Listed Building – Grade I
- Official name: Woodhall Park (Heath Mount School)
- Designated: 1952
- Reference no.: 1031363
- Coordinates: 51°51′11″N 0°05′23″W﻿ / ﻿51.85293°N 0.08984°W
- Construction started: 1770s
- Completed: 1780s and later extensions
- Client: Thomas Rumbold

Technical details
- Structural system: brick; limited use of Coade stone and Portland stone

Design and construction
- Architect: Thomas Leverton

= Woodhall Park =

Historic house in Hertfordshire, England

Woodhall Park is a Grade I listed country house near Watton-at-Stone, Hertfordshire, England. The 18th century neo-classical building is set in a walled park in the Beane valley. It has been the home of Heath Mount School since the 1930s.

==History==
Thomas Rumbold, who was later made a baronet, acquired the Woodhall estate using the fortune he had made in India. One of his partners at Chittagong, Harry Verelst helped with the financing.
The estate and its manor house were originally home to the Butler or Boteler family.

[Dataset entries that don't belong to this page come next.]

(* Let $n\ge1$, let $L_1,L_2,\underline b>0$ and let $y^*\in\mathbb{R}^n$. Let $\mathcal{F}_{L_1,L_2,\underline b,y^*}$ be the set of all $f\in C^1(\mathbb{R}^{3n},\mathbb{R}^n)$, $f=f(x_1,x_2,u)$, such that $f(y^*,0,0)=0$ and for all $x_1,x_2,u\in\mathbb{R}^n$: $\left\|\frac{\partial f}{\partial x_1}\right\|\le L_1$, $\left\|\frac{\partial f}{\partial x_2}\right\|\le L_2$, $\mathrm{Sym}\left[\frac{\partial f}{\partial u}\right]\ge\underline b I_n$. Let $$\Omega_{pd}=\left\{(k_p,k_d)\in(0,\infty)^2\;:\; k_p^2>\bar k,\ \ k_d^2>k_p/\underline b+\bar k\right\},\qquad \bar k=(L_1+L_2)(k_p+k_d)/\underline b.$$ Consider the closed-loop system $\dot x_1=x_2$, $\dot x_2=f(x_1,x_2,u)$ with $u(t)=k_pe(t)+k_d\dot e(t)$, $e(t)=y^*-x_1(t)$. Then for any $(k_p,k_d)\in\Omega_{pd}$ there exist constants $M>0$ and $\lambda>0$, depending only on $(k_p,k_d,L_1,L_2,\underline b)$, such that for all $f\in\mathcal{F}_{L_1,L_2,\underline b,y^*}$ and all initial states $(x_1(0),x_2(0))\in\mathbb{R}^{2n}$, $$\|e(t)\|+\|\dot e(t)\|\le Me^{-\lambda t}\left(\|e(0)\|+\|\dot e(0)\|\right)\quad\text{for all } t\ge0.$$
   Context: $\|\cdot\|$ denotes the Euclidean norm of vectors and the induced operator norm of matrices. For a square matrix $P$, $\mathrm{Sym}[P]=(P+P^{\mathsf T})/2$. For symmetric matrices, $S_1\ge S_2$ means $S_1-S_2$ is positive semidefinite. $\frac{\partial f}{\partial x_1},\frac{\partial f}{\partial x_2},\frac{\partial f}{\partial u}$ denote the $n\times n$ Jacobian matrices of $f$ with respect to $x_1,x_2,u$; $I_n$ is the identity matrix. *)

From HB Require Import structures.
From mathcomp Require Import all_boot all_order all_algebra.
From mathcomp Require Import all_classical all_reals all_analysis.
Set Implicit Arguments. Unset Strict Implicit. Unset Printing Implicit Defensive.
Import Order.TTheory GRing.Theory Num.Theory.
Import numFieldNormedType.Exports.
Local Open Scope classical_set_scope.
Local Open Scope ring_scope.

Definition enorm (R : realType) (n : nat) (v : 'cV[R]_n) : R :=
  Num.sqrt (\sum_(i < n) v i 0 ^+ 2).

Definition opnorm (R : realType) (n : nat) (A : 'M[R]_n) : R :=
  sup [set enorm (A *m v) | v in [set v : 'cV[R]_n | enorm v <= 1]].

Definition symm (R : realType) (n : nat) (P : 'M[R]_n) : 'M[R]_n :=
  2^-1 *: (P + P^T).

The architect Thomas Leverton was commissioned by Rumbold to design a new house to replace the manor house on a nearby site. Rumbold became Governor of Madras in 1778 and made arrangements for work to continue on the house in his absence, payments being made from his account at Goslings Bank. Suffering from poor health, he returned to England in 1780. The East India Company, unhappy about the Second Anglo-Mysore War, dismissed him the following year. He continued to serve as a Member of Parliament until 1790.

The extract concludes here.